那种眼神,让史密斯脸上的笑容逐渐僵硬。他端着酒杯的手开始微微颤斗。
“友谊?”维克多轻声重复着这个词,“史密斯先生,如果我没记错的话,之前就是在这里,你当着我父亲的面说,柯里昂家族是一艘沉船,你要把我们最后一块木板都拆走。”
史密斯的脸色瞬间惨白。
“那……那是误会!完全是误会!”他语无伦次地解释道,“那时候经济形势不好,总行有坏帐压力……但我现在知道了,您才是真正的商业天才!您的基金会,您的现金流,简直是新泽西的奇迹!”
“所以,您能不能……能不能把现在基金会五百万的存款,继续留在我们行?”史密斯终于说出了来意,他的声音近乎哀求,“如果您转走,我的分行就要面临挤兑了!”
在1981年的“沃尔克时刻”,银行系统面临巨大的流动性枯竭。维克多的现金,就是史密斯的救命稻草。
维克多笑了。
他伸出手,轻轻拍了拍史密斯那张油腻的脸。
“啪,啪。”
“当然可以,史密斯先生。”维克多微笑着说道。
史密斯如蒙大赦,膝盖一软差点跪下:“谢谢!谢谢您!您就是我的上帝!”
“但我有一个条件。”维克多凑到他耳边,用只有两个人能听到的声音说道,“从今天开始,当你看到我的时候,我不希望听到什么‘友谊’或者‘合作’。”
“我要你象狗一样听话。”
“如果你能做到,钱就留在你那里。如果你做不到……”维克多指了指楼下,“有的是银行想替我保管这些钱。”

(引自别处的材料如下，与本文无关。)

Lemma matching_mx_LU : matching_mx = matching_lower *m matching_upper.
Proof.
apply/matrixP => x y; rewrite [RHS]mxE.
have x_neq_px : (x == p x) = false by rewrite eq_sym; exact: negbTE (p_neq x).
have px_neq_x : (p x == x) = false by exact: negbTE (p_neq x).
case x_lt: (x < p x)%N.
  rewrite (bigD1 x) //= big1 ?addr0 => [|z z_neq]; last first.
    by rewrite !mxE (negbTE z_neq) ltn_partner x_lt /= mul0r.
  by rewrite !mxE eqxx x_lt mul1r matching_mxE x_lt /edge_lo x_lt.
have px_lt : (p x < p (p x))%N by rewrite pK ltn_partner x_lt.
rewrite (bigD1 x) //= (bigD1 (p x)) ?p_neq //= big1 ?addr0; last first.
  move=> z /andP [z_neq_x z_neq_px].
  by rewrite !mxE (negbTE z_neq_x) (negbTE z_neq_px) andbF mul0r.
rewrite !mxE eqxx x_lt px_neq_x ltn_partner x_lt /= eqxx px_lt pK mul1r.
rewrite matching_mxE x_lt /edge_lo x_lt.
have a_neq0 := A_pivot_neq0 px_lt.
have [->|y_neq_x] := eqVneq y x; first by rewrite x_neq_px; field.
by have [_|y_neq_px] := eqVneq y (p x); [field | rewrite ?mulr0 ?addr0].
Qed.

Lemma det_matching_lower : \det matching_lower = 1.
Proof.
rewrite det_trig; first by apply: big1 => i _; rewrite mxE eqxx.
apply/is_trig_mxP => i j lt_ij; rewrite mxE -val_eqE /= gtn_eqF //.
by case: eqP => [e|_]; rewrite ?andbF // -e ltnNge (ltnW lt_ij).
Qed.

Lemma det_matching_upper : \det matching_upper =
  \prod_(i : 'I_N | (i < p i)%N)
     (A i ord0 ord0 * A i ord_max ord_max - A i ord0 ord_max ^+ 2).
Proof.
rewrite -det_tr det_trig; last first.
  apply/is_trig_mxP => i j lt_ij; rewrite !mxE -val_eqE /= ltn_eqF //.
  by case: ifP => // j_lt; rewrite -val_eqE /= ltn_eqF // (ltn_trans lt_ij j_lt).
rewrite big_partner; apply: eq_bigr => i i_lt.
have a_neq0 := A_pivot_neq0 i_lt.
by rewrite !mxE eqxx i_lt pK ltn_partner i_lt /= eqxx; field.
Qed.

Lemma det_matching_mx : \det matching_mx =
  \prod_(i : 'I_N | (i < p i)%N)
     (A i ord0 ord0 * A i ord_max ord_max - A i ord0 ord_max ^+ 2).
Proof.
by rewrite matching_mx_LU det_mulmx det_matching_lower mul1r det_matching_upper.
Qed.

End MatchingMatrix.

Lemma sum_pairs_partition (V : nmodType) (N m : nat) (p : 'I_m -> 'I_N -> 'I_N)
    (F : 'I_N -> 'I_N -> V) :
  (forall i j, i != j -> exists k, p k i = j) -> (forall i, injective (p^~ i)) ->
  \sum_(i < N) \sum_(j < N | (i < j)%N) F i j =
  \sum_(k < m) \sum_(i : 'I_N | (i < p k i)%N) F i (p k i).
Proof.
move=> p_onto p_inj; symmetry.
transitivity (\sum_(k < m) \sum_(i < N) \sum_(j < N | (i < j)%N)
                 (if p k i == j then F i j else 0)).
  apply: eq_bigr => k _; rewrite big_mkcond /=; apply: eq_bigr => i _.
  case: ifPn => [i_lt|i_nlt].
    rewrite (bigD1 (p k i)) //= eqxx big1 ?addr0 // => j /andP [_ j_neq].
    by rewrite eq_sym (negbTE j_neq).
  by rewrite big1 // => j i_lt; case: eqP => // e; move: i_nlt; rewrite e i_lt.
rewrite exchange_big; apply: eq_bigr => i _.
rewrite exchange_big; apply: eq_bigr => j i_lt.
have [k0 e] := p_onto i j (negbT (ltn_eqF i_lt)).
rewrite (bigD1 k0) //= e eqxx big1 ?addr0 // => k k_neq.
by case: eqP => // e'; move: k_neq; rewrite (p_inj i k k0) ?eqxx // e e'.
Qed.

Lemma ln_prod (R : realType) (I : Type) (r : seq I) (P : pred I) (F : I -> R) :
  (forall i, P i -> 0 < F i) ->
  ln (\prod_(i <- r | P i) F i) = \sum_(i <- r | P i) ln (F i).
Proof.
apply: (big_morph_in Num.pos); [exact: rpredM | exact: rpred1 | exact: lnM |].
exact: ln1.
Qed.

Theorem lemmaA1 (R : realType) (N : nat) (M : 'I_N -> 'I_N -> 'M[R]_2) :
  (2 <= N)%N -> ~~ odd N ->
  (forall i j : 'I_N, (i < j)%N -> symmetric_mx (M i j)) ->
  SDD (Psi M) ->
  (* phi_SDD(M) finite, i.e. every M_ij is positive definite *)
  (forall i j : 'I_N, (i < j)%N -> posdef (M i j)) ->
  exists Z : 'I_(N.-1) -> 'M[R]_N,
    (forall k, posdef (Z k)) /\
    Psi M = \sum_(k < N.-1) Z k /\
    phi_SDD M = \sum_(k < N.-1) ln (\det (Z k)).
Proof.
case: N M => [|[|n]] M // _; rewrite oddS negbK => odd_n1 _ _ M_posdef.
pose Z k := matching_mx (rr_match k) (fun i => M i (rr_match k i)).
have edge_posdef (k : 'I_n.+1) (i : 'I_n.+2) :
  (i < rr_match k i)%N -> posdef (M i (rr_match k i)) by exact: M_posdef.
have sum_matchings := sum_pairs_partition _
  (rr_match_onto odd_n1) (rr_match_inj odd_n1).
exists Z; split; [|split].
- move=> k; apply: matching_mx_posdef; [exact: rr_matchK | exact: rr_match_neq |].
  exact: edge_posdef.
- exact: (sum_matchings _ (fun i j => Psi_ij i j (M i j))).
rewrite /phi_SDD (sum_matchings _ (fun i j =>
  ln (M i j ord0 ord0 * M i j ord_max ord_max - M i j ord0 ord_max ^+ 2))).
apply: eq_bigr => k _; rewrite det_matching_mx;
  [|exact: rr_matchK | exact: rr_match_neq | exact: edge_posdef].
by rewrite ln_prod // => i /edge_posdef /posdef2_minors [].
Qed.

史密斯愣住了。他的脸上闪过一丝屈辱,但转瞬即逝。在破产和尊严之间,成年人不需要选择。
“汪。”
史密斯低着头,从喉咙里挤出了一个拟声词。虽然很轻,但他确实叫了。
维克多满意的点了点头,从他手里接过那杯酒,随手倒进了旁边的花盆里。
“下去吧。”
史密斯如蒙大赦,连滚带爬地跑下了楼。
老杰克站在阴影里,目睹了这一切。
“您父亲如果在天有灵,会感到欣慰的。”老杰克说道。
“不,他不会。”维克多转过身,重新看向楼下的名利场,“父亲是个好人。他会觉得我太残忍,太冷酷。”
“但好人救不了家族。”
维克多的目光穿过大厅的水晶吊灯,看向窗外的黑夜。
在那片黑暗中,他仿佛看到了无数双眼睛正在盯着这座庄园。dea(缉毒局)、fbi(联邦调查局)、爱尔兰帮的残党、甚至包括那些现在正在楼下喝酒的所谓“盟友”。
紫水生意虽然暴利,但它就象创建在沙堆上的城堡。
没有根基。
一旦风向变了,或者某个环节出了问题,这场狂欢瞬间就会变成葬礼。
“杰克。”
“在。”
“告诉索尔,宴会结束后到书房来见我。”维克多的声音变得低沉,“我们玩够了过家家的游戏。是时候考虑真正的生意了。”
“真正的生意?”
“是的。”维克多从口袋里掏出一个透明的小玻璃瓶。里面装着一颗蓝色的小药片。
那不是紫水。那是他根据前世记忆,刚刚在实验室里合成出来的样品。
一种能让全世界人为之疯狂,也能让辉瑞这样的巨头为之颤斗的东西。
“我要建一座真正的城堡。”维克多看着那颗蓝色药片,“一座用专利、法律和拢断构建起来的,永不陷落的堡垒。”